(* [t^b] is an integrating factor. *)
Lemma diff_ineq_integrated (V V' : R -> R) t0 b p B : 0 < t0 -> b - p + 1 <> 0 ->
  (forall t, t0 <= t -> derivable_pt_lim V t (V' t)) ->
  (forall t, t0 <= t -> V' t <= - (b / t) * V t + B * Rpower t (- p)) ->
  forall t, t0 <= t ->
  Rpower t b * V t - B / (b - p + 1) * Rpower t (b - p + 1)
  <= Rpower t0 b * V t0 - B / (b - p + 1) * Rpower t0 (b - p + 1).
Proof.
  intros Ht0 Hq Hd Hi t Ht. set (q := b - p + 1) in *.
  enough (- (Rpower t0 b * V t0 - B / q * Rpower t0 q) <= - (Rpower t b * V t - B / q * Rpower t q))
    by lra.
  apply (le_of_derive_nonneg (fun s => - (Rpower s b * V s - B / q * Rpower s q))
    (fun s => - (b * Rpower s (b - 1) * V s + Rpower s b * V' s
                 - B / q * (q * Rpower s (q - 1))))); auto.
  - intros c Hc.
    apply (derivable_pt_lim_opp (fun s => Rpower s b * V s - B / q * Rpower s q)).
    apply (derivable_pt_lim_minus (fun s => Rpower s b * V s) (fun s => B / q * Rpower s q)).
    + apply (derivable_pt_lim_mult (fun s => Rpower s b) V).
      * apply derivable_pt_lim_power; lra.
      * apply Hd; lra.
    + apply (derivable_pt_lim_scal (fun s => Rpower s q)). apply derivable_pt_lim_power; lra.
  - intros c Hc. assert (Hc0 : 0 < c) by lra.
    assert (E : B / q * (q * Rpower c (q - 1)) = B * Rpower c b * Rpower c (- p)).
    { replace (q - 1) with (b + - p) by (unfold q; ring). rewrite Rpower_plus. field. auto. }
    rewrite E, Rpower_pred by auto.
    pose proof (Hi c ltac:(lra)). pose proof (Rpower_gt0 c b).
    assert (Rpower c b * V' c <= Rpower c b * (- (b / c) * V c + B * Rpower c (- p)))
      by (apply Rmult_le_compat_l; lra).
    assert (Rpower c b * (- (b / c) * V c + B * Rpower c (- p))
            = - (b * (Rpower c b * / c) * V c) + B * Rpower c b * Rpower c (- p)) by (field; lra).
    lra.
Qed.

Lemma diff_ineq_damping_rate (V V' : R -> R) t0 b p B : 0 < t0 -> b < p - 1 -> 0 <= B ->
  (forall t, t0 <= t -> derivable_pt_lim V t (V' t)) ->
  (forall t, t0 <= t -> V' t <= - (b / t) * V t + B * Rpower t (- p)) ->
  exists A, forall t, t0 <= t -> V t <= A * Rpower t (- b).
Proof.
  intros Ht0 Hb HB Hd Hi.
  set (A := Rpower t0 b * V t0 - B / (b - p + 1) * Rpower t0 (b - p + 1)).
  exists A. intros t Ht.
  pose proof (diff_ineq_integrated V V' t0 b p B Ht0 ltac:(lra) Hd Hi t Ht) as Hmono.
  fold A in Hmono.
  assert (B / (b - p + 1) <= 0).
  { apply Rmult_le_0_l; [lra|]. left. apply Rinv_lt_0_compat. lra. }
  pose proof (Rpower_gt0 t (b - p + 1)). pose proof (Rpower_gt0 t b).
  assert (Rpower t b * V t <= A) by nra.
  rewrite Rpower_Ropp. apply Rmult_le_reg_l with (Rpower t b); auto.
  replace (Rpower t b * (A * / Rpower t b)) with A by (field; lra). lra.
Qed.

---*---

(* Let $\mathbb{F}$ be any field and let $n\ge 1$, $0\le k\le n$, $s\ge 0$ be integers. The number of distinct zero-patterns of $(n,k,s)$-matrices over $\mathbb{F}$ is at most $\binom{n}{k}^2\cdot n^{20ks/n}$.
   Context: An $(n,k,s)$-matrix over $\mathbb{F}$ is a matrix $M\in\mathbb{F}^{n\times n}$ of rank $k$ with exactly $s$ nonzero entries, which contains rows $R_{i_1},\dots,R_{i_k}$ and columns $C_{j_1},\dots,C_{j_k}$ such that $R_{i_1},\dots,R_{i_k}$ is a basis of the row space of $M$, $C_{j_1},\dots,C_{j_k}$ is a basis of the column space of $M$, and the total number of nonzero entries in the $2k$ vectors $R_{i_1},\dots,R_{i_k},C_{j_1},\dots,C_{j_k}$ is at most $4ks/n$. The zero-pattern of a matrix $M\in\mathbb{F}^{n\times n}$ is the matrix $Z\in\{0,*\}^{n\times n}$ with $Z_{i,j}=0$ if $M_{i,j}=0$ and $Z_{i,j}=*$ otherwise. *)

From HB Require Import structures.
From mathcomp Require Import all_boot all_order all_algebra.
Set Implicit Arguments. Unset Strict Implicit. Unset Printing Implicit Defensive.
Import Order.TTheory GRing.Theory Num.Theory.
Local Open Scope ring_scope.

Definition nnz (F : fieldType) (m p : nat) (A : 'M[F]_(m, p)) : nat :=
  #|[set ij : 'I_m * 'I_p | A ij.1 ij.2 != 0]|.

---*---

About this task —
Return all lines in the data that include the word "ltac".

Exercise answer —
    pose proof (Hi c ltac:(lra)). pose proof (Rpower_gt0 c b).
  pose proof (diff_ineq_integrated V V' t0 b p B Ht0 ltac:(lra) Hd Hi t Ht) as Hmono.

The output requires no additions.